A Look at the heavy left tail and its distribution
Exploring the Expected Shortfall with flexbile distributions
If there is a place where the devil lives, it is in the left tail of the returns distribution.
To further explore what happens in the lower tail, let’s tweak several models to choose one and compare it to a standard distribution.The analysis will be done using the R
programming language.
Load Packages and dataset of bovespa Index.

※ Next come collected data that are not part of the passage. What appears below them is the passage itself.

(* Let $X$ be a topological quandle. (1) If $X$ has the discrete topology, then $\bar H^n_Q(X)=0$ and $\bar H^n_W(X)=\bar C^n_W(X)$ for $n\ge1$ and $W=R,D$, and $\bar H^0_Q(X)=\bar H^0_R(X)=\bar C^0_R(X)$. (2) If $X$ has the indiscrete topology, then $\bar H^n_W(X)\cong H^{n+1}_W(X)$ for $n\ge0$ and $W=R,D,Q$. (3) If the underlying quandle structure of $X$ is trivial ($x\triangleright y=x$ for all $x,y$), then $\bar H^n_W(X)=\bar C^n_W(X)$ for $W=R,D,Q$.
   Context: A quandle is a set with a binary operation $\triangleright$ such that $x\triangleright x=x$, each $\beta_y(x)=x\triangleright y$ is bijective, and $(x\triangleright y)\triangleright z=(x\triangleright z)\triangleright(y\triangleright z)$. A topological quandle is a topological space with a continuous quandle operation such that every $\beta_y$ is a homeomorphism. For a topological quandle $X$, $\bar C^R_n(X)$ is the free abelian group on singular $n$-simplices $\sigma:\Delta^n\to X$ modulo identifying two simplices with the same ordered vertex tuple; thus it is free abelian on the tuples $\sigma_{[x_1,\dots,x_{n+1}]}$ ($x_i=\sigma(e_{i-1})$) that are vertex tuples of some singular $n$-simplex. Its boundary is $\partial_n\sigma_{[x_1,\dots,x_{n+1}]}=\sum_{i=2}^{n+1}(-1)^i\big(\sigma_{[x_1,\dots,\hat{x_i},\dots,x_{n+1}]}-\sigma_{[x_1\triangleright x_i,\dots,x_{i-1}\triangleright x_i,x_{i+1},\dots,x_{n+1}]}\big)$. For $n\ge1$, $\bar C^D_n(X)$ is generated by $\sigma_{[x_1,\dots,x_{n+1}]}$ with $x_i=x_{i+1}$ for some $i\in\{1,\dots,n\}$, and $\bar C^D_0(X)=0$; $\bar C^Q_n(X)=\bar C^R_n(X)/\bar C^D_n(X)$. The cochain groups are $\bar C^n_W(X)=\mathrm{Hom}(\bar C^W_n(X),\mathbb{Z})$ with $\delta^n f=f\circ\partial_{n+1}$, and $\bar H^n_W(X)$ is the resulting cohomology. The rack complex $C^R_n(X)$ is free abelian on $X^n$ with boundary $\partial^R_n(x_1,\dots,x_n)=\sum_{i=2}^n(-1)^i[(x_1,\dots,\hat{x_i},\dots,x_n)-(x_1\triangleright x_i,\dots,x_{i-1}\triangleright x_i,x_{i+1},\dots,x_n)]$; $C^D_n(X)$ is generated by tuples with $x_i=x_{i+1}$ for some $i\in\{1,\dots,n-1\}$; $C^Q_n=C^R_n/C^D_n$; $H^n_W(X)$ is the cohomology of $\mathrm{Hom}(C^W_*(X),\mathbb{Z})$. *)

From HB Require Import structures.
From mathcomp Require Import all_boot all_order all_algebra.
From mathcomp Require Import all_classical all_reals all_analysis.
From mathcomp Require Import Rstruct Rstruct_topology.
(* The (i, p+n-i) component of [Delta(g f)] splits as a sum over the
   (|S1|, p-|S1|) components of [Delta g], each paired against a component of
   [Delta f] by a form to which the join condition on [f] applies. *)
Lemma join_mull I J d n p (f g : {mpoly k[m d]}) : is_ideal I -> is_ideal J ->
  join I J n f -> g \is p.-homog -> join I J (p + n)%N (g * f).
Proof.
move=> I_ideal J_ideal [f_homog f_join] g_homog; split; first exact: dhomogM.
move=> t toSym_t i le_i_pn beta beta_bil beta_I beta_J.
have toSym_gf : toSym (tprod (sym_lift p g) (sym_lift n f)) = g * f.
  by rewrite toSym_tprod !toSym_sym_lift.
rewrite (coprod_eval_toSym hchar i beta (etrans toSym_t (esym toSym_gf))).
rewrite coprod_eval_tprod big1 // => a _.
rewrite big1 ?mulr0 // => S1 le_S1_i; set i' := (i - #|S1|)%N.
have [lt_n_i'|le_i'_n] := ltnP n i'; first exact: coprod_eval_gt.
have card_S1C : #|~: S1| = (p - #|S1|)%N by rewrite cardsCs setCK card_ord.
apply: (f_join _ (toSym_sym_lift hchar f_homog) i' le_i'_n).
- exact: mulform_bilinear.
- move=> x y x_in; apply: beta_I; have [_ _ _ I_mul] := I_ideal d i'.
  by have := I_mul _ _ _ x_in (mono_homog k a S1); rewrite subnKC.
- move=> x y y_in; apply: beta_J; have [_ _ _ J_mul] := J_ideal d (n - i')%N.
  have := J_mul _ _ _ y_in (mono_homog k a (~: S1)).
  have -> // : (#|~: S1| + (n - i') = p + n - i)%N.
  by rewrite card_S1C /i'; have := max_card S1; rewrite card_ord; lia.
Qed.

Lemma join_is_ideal I J : is_ideal I -> is_ideal J -> is_ideal (join I J).
Proof.
move=> I_ideal J_ideal d n; split; [by move=> f [] | exact: join0 | exact: joinD |].
by move=> p f g; apply: join_mull.
Qed.

End JoinIdeal.

Section Reorder5.
Variable R : nmodType.
Variables A B C D E : finType.
Variable F : A -> B -> C -> D -> E -> R.

Lemma sum5_reorder_cedba :
  \sum_a \sum_b \sum_c \sum_d \sum_e F a b c d e =
  \sum_c \sum_e \sum_d \sum_b \sum_a F a b c d e.
Proof.
transitivity (\sum_a \sum_c \sum_b \sum_d \sum_e F a b c d e).
  by apply: eq_bigr => a _; exact: exchange_big.
rewrite exchange_big; apply: eq_bigr => c _.
transitivity (\sum_a \sum_b \sum_e \sum_d F a b c d e).
  by apply: eq_bigr => a _; apply: eq_bigr => b _; exact: exchange_big.
transitivity (\sum_a \sum_e \sum_b \sum_d F a b c d e).
  by apply: eq_bigr => a _; exact: exchange_big.
rewrite exchange_big; apply: eq_bigr => e _.
transitivity (\sum_a \sum_d \sum_b F a b c d e).
  by apply: eq_bigr => a _; exact: exchange_big.
by rewrite exchange_big; apply: eq_bigr => d _; exact: exchange_big.
Qed.
Lemma card_class_pairs_mod3 c : (#|class_pairs c| %% 3 != 1)%N.
Proof.
have dvd3 : (3 %| #|class_pairs c :\: rot_fixed|)%N.
  apply: (@dvdn_card_fixfree _ rot_pair) => // p; rewrite in_setD => /andP[not_fixed Cp];
    have Sp := subsetP (class_pairs_sub c) p Cp.
  - rewrite in_setD rot_class_pairs // andbT; apply: contra not_fixed.
    rewrite !inE => /eqP fixed.
    by rewrite -[X in _ == X](rot_pair3 Sp) /= fixed fixed.
  - exact: rot_pair3.
  - by move: not_fixed; rewrite inE.
have dvd2 : (2 %| #|class_pairs c :&: rot_fixed|)%N.
  apply: (@dvdn_card_fixfree _ swap_pair) => // [p|p _|p].
  - by rewrite !in_setI => /andP[Cp Fp]; rewrite swap_class_pairs // (swap_rot_fixed Cp).
  - exact: swap_pairK.
  - by rewrite in_setI => /andP[/swap_pair_neq].
have := card_fixed_class_pairs c; rewrite -(cardsID rot_fixed (class_pairs c)); lia.
Qed.

Definition inverse_pairs := [set p : F * F | p.2 == p.1^-1].

Lemma inverse_pairsE p : (p \in inverse_pairs) = (p.2 == p.1^-1).
Proof. by rewrite inE. Qed.

Lemma inv_pair_neq p : p \in mu_pairs -> inv_pair p != p.
Proof.
case: p => u v; rewrite inE /inv_pair /= xpair_eqE => /and5P[mu_u mu_v u1 v1 uv].
have inv_self w : w \in mu -> w != 1 -> w^-1 == w -> w = -1.
  move=> mu_w w1 /eqP ww; have : w ^+ 2 == 1 by rewrite expr2 -{1}ww mulVf ?mu_neq0.
  by rewrite sqrf_eq1 (negbTE w1) => /eqP.
apply: contra uv => /andP[/(inv_self _ mu_u u1) -> /(inv_self _ mu_v v1) ->].
by [].
Qed.

Lemma mu_sqr_neqN1 u : (k %% 4 = 2)%N -> u \in mu -> u ^+ 2 != -1.
Proof.
move=> k4; have [j kj] : exists j, k = (2 * (2 * j + 1))%N by exists (k %/ 4)%N; lia.
rewrite inE kj exprM => /eqP uk; apply: contra_eq_neq uk => ->.
by rewrite -signr_odd oddD oddM /= expr1 eq_sym (oner_neqN1 z_prim n_even).
Qed.

Lemma dvdn4_card_inverse_class_pairs c : (k %% 4 = 2)%N ->
  (4 %| #|class_pairs c :&: inverse_pairs|)%N.
Proof.
move=> k4; have even_k : ~~ odd k by rewrite -(odd_mod k (erefl : odd 4 = false)) k4.
apply: (@dvdn4_card_klein _ swap_pair opp_pair _ swap_pairK opp_pairK) => // p;
  rewrite !in_setI inverse_pairsE => /andP[Cp /eqP ev].
- by rewrite swap_class_pairs // inverse_pairsE /= ev invrK.
- by rewrite opp_class_pairs // inverse_pairsE /= ev invrN.
rewrite (swap_pair_neq Cp); case: p Cp ev => u v; rewrite class_pairsP /= => /andP[mu_u _] ev.
rewrite /opp_pair /swap_pair /= !xpair_eqE (negbTE (oppf_neq z_prim n_even (mu_neq0 mu_u))) /=.
apply: contra (mu_sqr_neqN1 k4 mu_u) => /andP[/eqP e _].
by rewrite expr2 -{1}e ev mulNr mulVf ?mu_neq0.
Qed.

Lemma dvdn4_card_noninverse_class_pairs c : (4 %| #|class_pairs c :\: inverse_pairs|)%N.
Proof.
apply: (@dvdn4_card_klein _ swap_pair inv_pair _ swap_pairK inv_pairK) => // p;
  rewrite !in_setD inverse_pairsE => /andP[not_inv Cp].
- rewrite swap_class_pairs // andbT inverse_pairsE; case: p not_inv {Cp} => u v /=.
  by apply: contra => /eqP ->; rewrite invrK.
- rewrite inv_class_pairs // andbT inverse_pairsE; case: p not_inv {Cp} => u v /=.
  by apply: contra; rewrite invrK => /eqP <-; rewrite invrK.
rewrite (swap_pair_neq Cp) (inv_pair_neq (subsetP (class_pairs_sub c) _ Cp)) /=.
case: p not_inv {Cp} => u v /=; rewrite /inv_pair /swap_pair /= xpair_eqE.
by apply: contra => /andP[/eqP <- _]; rewrite invrK.
Qed.

Lemma dvdn4_card_class_pairs c : (k %% 4 = 2)%N -> (4 %| #|class_pairs c|)%N.
Proof.
move=> k4; rewrite -(cardsID inverse_pairs (class_pairs c)).
by rewrite dvdn_add ?dvdn4_card_inverse_class_pairs ?dvdn4_card_noninverse_class_pairs.
Qed.

End RootsOfUnity.

Theorem theorem3p1 (F : finFieldType) (q k : nat) :
  #|F| = q -> q %% 4 = 1 -> k %| q.-1 -> ~~ odd (q.-1 %/ k) ->
  gives_3design F k ->
  k %% 24 \in [:: 1; 2; 5; 10; 13; 17].
Proof.
move=> <- q4 k_dvd_n e_even design; have [z z_prim] := finField_prim_root F.
have n4 : 4 %| #|F|.-1 by move: q4; clear; lia.
have n_even : ~~ odd #|F|.-1 by move: n4 => /dvdnP[c ->]; rewrite oddM andbF.
have minus1_square := is_squareN1 z_prim n_even n4.
have k_gt0 := dvdn_gt0 (prim_order_gt0 z_prim) k_dvd_n.
have := design_count_balanced n_even design.
rewrite !(count_in_mu z_prim k_dvd_n n_even e_even) => /eqP.
rewrite eqn_pmul2l // => /eqP balanced.
apply: (@mod24_of_pair_count k #|class_pairs F k true|) => //.
- by rewrite -(card_mu_pairs z_prim k_dvd_n) -card_class_pairs_sum balanced addnn -mul2n.
- exact: dvdn2_card_class_pairs.
- exact: card_class_pairs_mod3 z_prim k_dvd_n n_even e_even minus1_square true.
- exact: dvdn4_card_class_pairs z_prim k_dvd_n n_even e_even minus1_square true.
Qed.
Lemma expectile_gap_root tau : 0 < tau < 1 -> exists t, expectile_gap tau t = 0.
Proof.
(* With c = pi+(mu) = pi-(mu), the gap is >= 0 at mu - c / tau and <= 0 at
   mu + c / (1 - tau). *)
move=> /andP[tau0 tau1]; set m := mean P X; set c := Epos m.
have Enegm : Eneg m = c by have := Epos_subEneg m; rewrite subrr /c; lra.
set l := m - c / tau; set u := m + c / (1 - tau).
have c0 : 0 <= c := Epos_ge0 m.
have l_le_m : l <= m by rewrite /l lerBlDr lerDl divr_ge0 // ltW.
have m_le_u : m <= u by rewrite /u lerDl divr_ge0 // subr_ge0 ltW.
have gap_l : 0 <= expectile_gap tau l.
  rewrite /expectile_gap; have -> : Epos l = Eneg l + c / tau.
    by have := Epos_subEneg l; rewrite -/m /l; lra.
  rewrite mulrDr mulrCA divff ?gt_eqF // mulr1.
  have := Eneg_nondecr l_le_m; have := Eneg_ge0 l; rewrite Enegm; nra.
have gap_u : expectile_gap tau u <= 0.
  rewrite /expectile_gap; have -> : Eneg u = Epos u + c / (1 - tau).
    by have := Epos_subEneg u; rewrite -/m /u; lra.
  rewrite mulrDr mulrCA divff ?gt_eqF ?subr_gt0 // mulr1.
  have := Epos_nonincr m_le_u; have := Epos_ge0 u; rewrite -/c; nra.
have [||t _ gap_t0] := @IVT _ (expectile_gap tau) l u 0 (le_trans l_le_m m_le_u).
- apply/continuous_subspaceT/lipschitz1_continuous => s t.
  by apply: expectile_gap_lipschitz; rewrite !ltW.
- by rewrite ge_min le_max gap_l gap_u orbT.
- by exists t.
Qed.

Lemma expectileP tau : 0 < tau < 1 -> expectile_gap tau (expectile P X tau) = 0.
Proof.
move=> tau01; apply/expectile_eqP; apply: xgetPex.
by have [t /expectile_eqP] := expectile_gap_root tau01; exists t.
Qed.

Lemma expectile_unique tau t : 0 < tau < 1 -> expectile_gap tau t = 0 ->
  expectile P X tau = t.
Proof.
move=> tau01 gap_t0; have gap_e0 := expectileP tau01.
have [/(expectile_gap_decr tau01)|/(expectile_gap_decr tau01)|//] :=
  ltgtP (expectile P X tau) t; lra.
Qed.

You can reproduce this analysis here.
pacman::p_load(tidyverse,ggplot2,dpylr)
readxl::read_excel('bovespa.xlsx') -> bovespa_index
Lets work with logarithmic returns as computed below.
bovespa_index %<>% mutate(returns_log = log(Close/lag(Close))) %>% drop_na()
Below we look for the left tail elements in yellow, here understand that lower tail are values equal to or less than the 5% quantile.
bovespa_index %>% summarise(lower_tail = quantile(probs=c(.05),returns_log)) %>% pull() -> quantile_lower
bovespa_index %<>% mutate(lower_tail = if_else(returns_log <= quantile_lower,1,0))
bovespa_index %>% filter(returns_log <= quantile_lower) -> lower_tail_bovespa
We are using two criteria to select distributions, AIC and BIC.
require(gamlss)
size_sample<- dim(bovespa_index)[1]
fit_dists_aic <- fitDist(lower_tail_bovespa$returns_log,k = 2)
fit_dists_bic <-fitDist(lower_tail_bovespa$returns_log,k = log(size_sample))
GAMLSS are powerful packages for flexible modelling and the package contains many distributions for fit. We use fitDist
to find the best fitted model for lower tail data.
fit_dists_aic$fits
fit_dists_bic$fits
Distribution | AIC | BIC |
---|---|---|
Skew t (Azzalini type 2) | -836.7455 | -829.5728 |
A Skew t is a distribution is accounts for heavy tail, and very used in finance ( look ).
The green line is the mean on the lower tail.To calculate it, it was necessary to use the following formula as documented here.
calculate_mean_ST2 <-function(mu,sigma,tau,nu){
EZ <- ((nu*sqrt(tau))* gamma((tau-1)/2)) /( sqrt(1+nu^2) * sqrt(pi)*gamma(tau/2))
mean <- mu+sigma*EZ
return(mean)
}
To compare with the Gaussian distribution we compute the estimated mean and deviation from the lower tail.
min_log_returns<- min(lower_tail_bovespa$returns_log); max_log_returns<- max(lower_tail_bovespa$returns_log);
x_hat <- mean(lower_tail_bovespa$returns_log) #gaussian estimator for \mu
sd_hat <- sd(lower_tail_bovespa$returns_log) # Gaussian estimator for \sigma
Note that assuming the Gaussian distribution for these data may lead to an overestimation of the mean in the lower tail. The mean for skew-t was -0.038 while for Gaussian it was -0.036.